The rotation angles of arms are calculated as follow:

$${\theta }_r=\mathrm{H}(x_r)$$

(1)

where $\mathrm{H}$ is the conversion function of the inverse kinematics problem [15]; $x_r$ is the reference position of the active plate; $x_d$ is the desired position; $x_c$ is the real position measured by the 3DVS.

The torque $\tau$ can be expressed as follows:

$$\tau =\mathrm{T}({\theta }_r)$$

(2)

where $\mathrm{T}$ is a transfer function of the position compensator.

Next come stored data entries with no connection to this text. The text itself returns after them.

(** Localization for w_*, symmetrically (u^e may vanish on the square). *)
Lemma lower_localization u (wlow : R -> R -> Rbar) W p q eta t0 x0 rr kap delta :
  0 < rr -> rr < t0 -> 0 < kap -> 0 < delta -> delta <= rr ->
  (forall t x, 0 <= t -> hr_liminf (weps u) t x (wlow t x)) -> wlow t0 x0 = Finite W ->
  (forall t x, square t0 x0 rr t x -> Rbar_le (Finite (cone W p q (- eta) t0 x0 t x)) (wlow t x)) ->
  exists e t1 x1, 0 < e < delta /\ Rabs (t1 - t0) < delta /\ Rabs (x1 - x0) < delta /\
    (forall t x, square t0 x0 rr t x -> 0 < resc u e t x ->
       cone W p q (- eta) t0 x0 t x - kap < - e * ln (resc u e t x)) /\
    0 < resc u e t1 x1 /\ - e * ln (resc u e t1 x1) < W + kap.
Proof.
  intros Hrr Hrrt Hkap Hdelta Hdr Hwl HW Hcone.
  destruct (uniform_eventual_bound (fun e t x c => Rbar_lt (Finite (- c)) (weps u e t x))
    (fun t x => - cone W p q (- eta) t0 x0 t x) t0 x0 rr (Rabs p + Rabs q + Rabs (- eta)) kap Hrr Hrrt
    ltac:(pose proof (Rabs_pos p); pose proof (Rabs_pos q); pose proof (Rabs_pos (- eta)); lra) Hkap)
    as [dU [HdU HU]].
  { intros e t x c c' Hc Hlt. eapply Rbar_le_lt_trans; [|exact Hlt]. simpl; lra. }
  { intros t x Hsq. apply (liminf_ev _ _ _ (wlow t x)).
    - apply Hwl. apply square_abs, proj1, Rabs_le_bounds in Hsq. lra.
    - eapply Rbar_lt_le_trans; [|apply Hcone, Hsq]. simpl; lra. }
  { intros t x t' x'. pose proof (cone_lipschitz W p q (- eta) t0 x0 t' x' t x).
    rewrite (Rabs_minus_sym t'), (Rabs_minus_sym x') in H. lra. }
  pose proof (Rmin_l delta dU). pose proof (Rmin_r delta dU).
  destruct (proj2 (Hwl t0 x0 ltac:(lra)) (W + kap) ltac:(rewrite HW; simpl; lra) (Rmin delta dU)
    ltac:(apply Rmin_glb_lt; auto)) as [e [t1 [x1 [He [Ht1 [Htt1 [Hxx1 Hw1]]]]]]].
  exists e, t1, x1. split; [lra|]. split; [lra|]. split; [lra|]. split.
  - intros t x Hsq Hu. assert (Hlt := HU e t x ltac:(lra) Hsq).
    apply (weps_gt_finite u e t x _ Hlt) in Hu. lra.
  - apply weps_lt_finite in Hw1. exact Hw1.
Qed.

Lemma close_to_vertex L kap t1 x1 t0 x0 : 0 <= L -> 0 < kap ->
  Rabs (t1 - t0) < kap / (2 * (L + 1)) -> Rabs (x1 - x0) < kap / (2 * (L + 1)) ->
  L * (Rabs (t1 - t0) + Rabs (x1 - x0)) <= kap.
Proof.
  intros HL Hk Ht Hx. pose proof (Rabs_pos (t1 - t0)). pose proof (Rabs_pos (x1 - x0)).
  apply Rle_trans with ((L + 1) * (2 * (kap / (2 * (L + 1)))));
    [apply Rmult_le_compat; lra | right; field; lra].
Qed.

(** Viscosity subsolution inequality at a contact point where w^* is finite
    and positive: otherwise, at the penalized maximum of
    approximate_test_inequality, u^e is exponentially small, v^e <= chi_le + eta
    by (3.1), and the Hamiltonian inequality fails. *)
Lemma subsolution_test d r a b c1 ct1 u0 v0 u v (wstar : R -> R -> Rbar) phi phit phix t0 x0 W rho :
  0 < a -> is_solution_11 d r a b u0 v0 u v -> cond31 v c1 ct1 ->
  (forall t x, 0 <= t -> hr_limsup (weps u) t x (wstar t x)) ->
  C1_test phi phit phix -> 0 < t0 -> 0 < rho ->
  (forall t x, 0 < t -> Rabs (t - t0) < rho -> Rabs (x - x0) < rho ->
     Rbar_le (wstar t x) (Rbar_addr (wstar t0 x0) (phi t x - phi t0 x0))) ->
  wstar t0 x0 = Finite W -> 0 < W ->
  phit t0 x0 + (phix t0 x0 * phix t0 x0 + 1 - a * chi_le c1 t0 x0) <= 0.
Proof.
  intros Ha Hs Hc31 Hws HC1 Ht0 Hrho Htouch HW HW0.
  destruct (solution_u_facts _ _ _ _ _ _ _ _ Hs) as [B [ut [ux [uxx [_ [_ [_ [[Hcu [_ [_ [_ Hder]]]] Heq]]]]]]]].
  set (p := phit t0 x0). set (q := phix t0 x0). set (chi := chi_le c1 t0 x0).
  set (P := p + (q * q + 1 - a * chi)).
  destruct (Rle_or_lt P 0) as [HP|HP]; [exact HP | exfalso].
  destruct (eta_choice P q a HP ltac:(lra)) as [eta [[Heta Heta1] HetaP]].
  destruct (v_eventual_bounds d r a b u0 v0 u v c1 ct1 t0 x0 Hs Hc31 Ht0 eta Heta) as [[dv [Hdv Hv]] _].
  destruct (C1_linearization phi phit phix t0 x0 HC1 Ht0 eta Heta) as [r1 [Hr1 [Hr1t Hlin]]].
  set (L := Rabs p + Rabs q + 3 * eta).
  assert (HL : 0 <= L) by (unfold L; pose proof (Rabs_pos p); pose proof (Rabs_pos q); lra).
  (* the square of radius rr: inside the touching, linearization and (3.1) ranges, and with
     (L + 1) rr <= W / 64 so that u^e is exponentially small at the penalized maximum *)
  destruct (exists_pos_below4 rho r1 dv (W / (64 * (L + 1))) Hrho Hr1 Hdv
    ltac:(apply Rdiv_lt_0_compat; lra)) as [rr [Hrr [Hrrho [Hrr1 [Hrrv HrrW]]]]].
  assert (HLrr : (L + 1) * rr <= W / 64).
  { apply Rle_trans with ((L + 1) * (W / (64 * (L + 1)))); [apply Rmult_le_compat_l; lra | right; field; lra]. }
  set (kap := eta * rr / 8). assert (Hkap : 0 < kap) by (unfold kap; nra).
  set (eU := W / (2 * (Rabs (ln (P / 4)) + 1))).
  set (d3 := P / 4 * (rr / 48) / (Rabs (1 * (3 * eta)) + 1)).
  destruct (exists_pos_below4 (kap / (2 * (L + 1))) eU d3 rr ltac:(apply Rdiv_lt_0_compat; lra)
    ltac:(unfold eU; pose proof (Rabs_pos (ln (P / 4))); apply Rdiv_lt_0_compat; lra)
    ltac:(unfold d3; pose proof (Rabs_pos (1 * (3 * eta))); apply Rdiv_lt_0_compat; nra) Hrr)
    as [delta [Hdelta [Hd1 [Hd2 [Hd3 Hd4]]]]].
  assert (Hcone := touch_cone_above wstar phi t0 x0 W rho eta r1 p q rr Hrrho Hrr1 ltac:(lra) HW Htouch Hlin).
  destruct (upper_localization u wstar W p q eta t0 x0 rr kap delta Hrr ltac:(lra) Hkap Hdelta ltac:(lra)
    Hws HW Hcone) as [e [t1 [x1 [He [Ht1 [Hx1 [Hbox Hw1]]]]]]].
  assert (Hsq1 : square t0 x0 rr t1 x1) by (apply square_abs; lra).
  destruct (approximate_test_inequality a e u v ut ux uxx 1 p q eta W t0 x0 rr (P / 4) t1 x1
    (or_introl eq_refl) (proj1 He) Hcu Hder Heq Heta Hrr ltac:(lra) ltac:(lra) ltac:(unfold d3 in Hd3; lra))
    as [ts [xs [Hts [Hxs [HUs [Hlog Hham]]]]]].
  - intros t x Hsq. unfold resc in Hbox. rewrite !Rmult_1_l. split; intros _; apply (Hbox t x Hsq).
  - exact Hsq1.
  - apply (close_to_vertex L kap); lra.
  - exact (proj1 (Hbox t1 x1 Hsq1)).
  - unfold resc in Hw1. fold kap. lra.
  - assert (HU : u (ts / e) (xs / e) < P / 4).
    { apply (small_of_neg_log e _ (P / 4) W (proj1 He) HUs ltac:(lra) ltac:(unfold eU in Hd2; lra)).
      assert (eta * rr <= (L + 1) * rr) by (unfold L; pose proof (Rabs_pos p); pose proof (Rabs_pos q); nra).
      fold L in Hlog. lra. }
    assert (HV : v (ts / e) (xs / e) < chi + eta).
    { apply (Hv e ts xs). unfold near. pose proof (Rabs_def2 _ _ Hts). repeat split; lra. }
    assert (a * v (ts / e) (xs / e) <= a * (chi + eta)) by (apply Rmult_le_compat_l; lra).
    assert (3 * eta * (1 + 2 * Rabs q + 3 * eta) <= (12 + 6 * Rabs q) * eta) by (pose proof (Rabs_pos q); nra).
    unfold P in *. lra.
Qed.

The PID position control is the first closed-loop for controlling the rotation angle ${\theta }_i$ of arms to reach the desired angle ${\theta }_r$. It works efficiently and has very high accuracy. However, because of disturbance, the position ${\theta }_i$ is slid a bit to ${\theta }_c$ resulting in the position error of the active plate [15]. The disturbance may be due to the following reasons:

• Dynamics are ignored in the system, so inertia and gravity affect positioning accuracy.
• The gearbox backlash and the mechanical vibration of the system also affect the accuracy.
• Slippage of the position of actuators due to the dynamics coupling effect between the links.

To eliminate the position error due to this disturbance, the double-loop PID control was proposed in [15]. In this paper, a 3DVS is used to measure the pose of the active plate after the first control loop. The high-accuracy measurement of the vision system is used as a feedback of the second closed-loop control, which ensures achieving the desired trajectory of the robot at high accuracy.

Figure 3 shows the 3DVS in the experimental model of the robot used in the study. The 3DVS includes a stereo camera fixed at the top of the robot and the colored markers on the surface of the active plate. The stereo camera points at the active plate, captures photos, and calculates the 3D coordinates of makers. The pose of the active plate $x_i$ is specified by the 3D coordinates of the markers as shown in Section 5. The measurement process of the 3DVS is presented in Figure 4.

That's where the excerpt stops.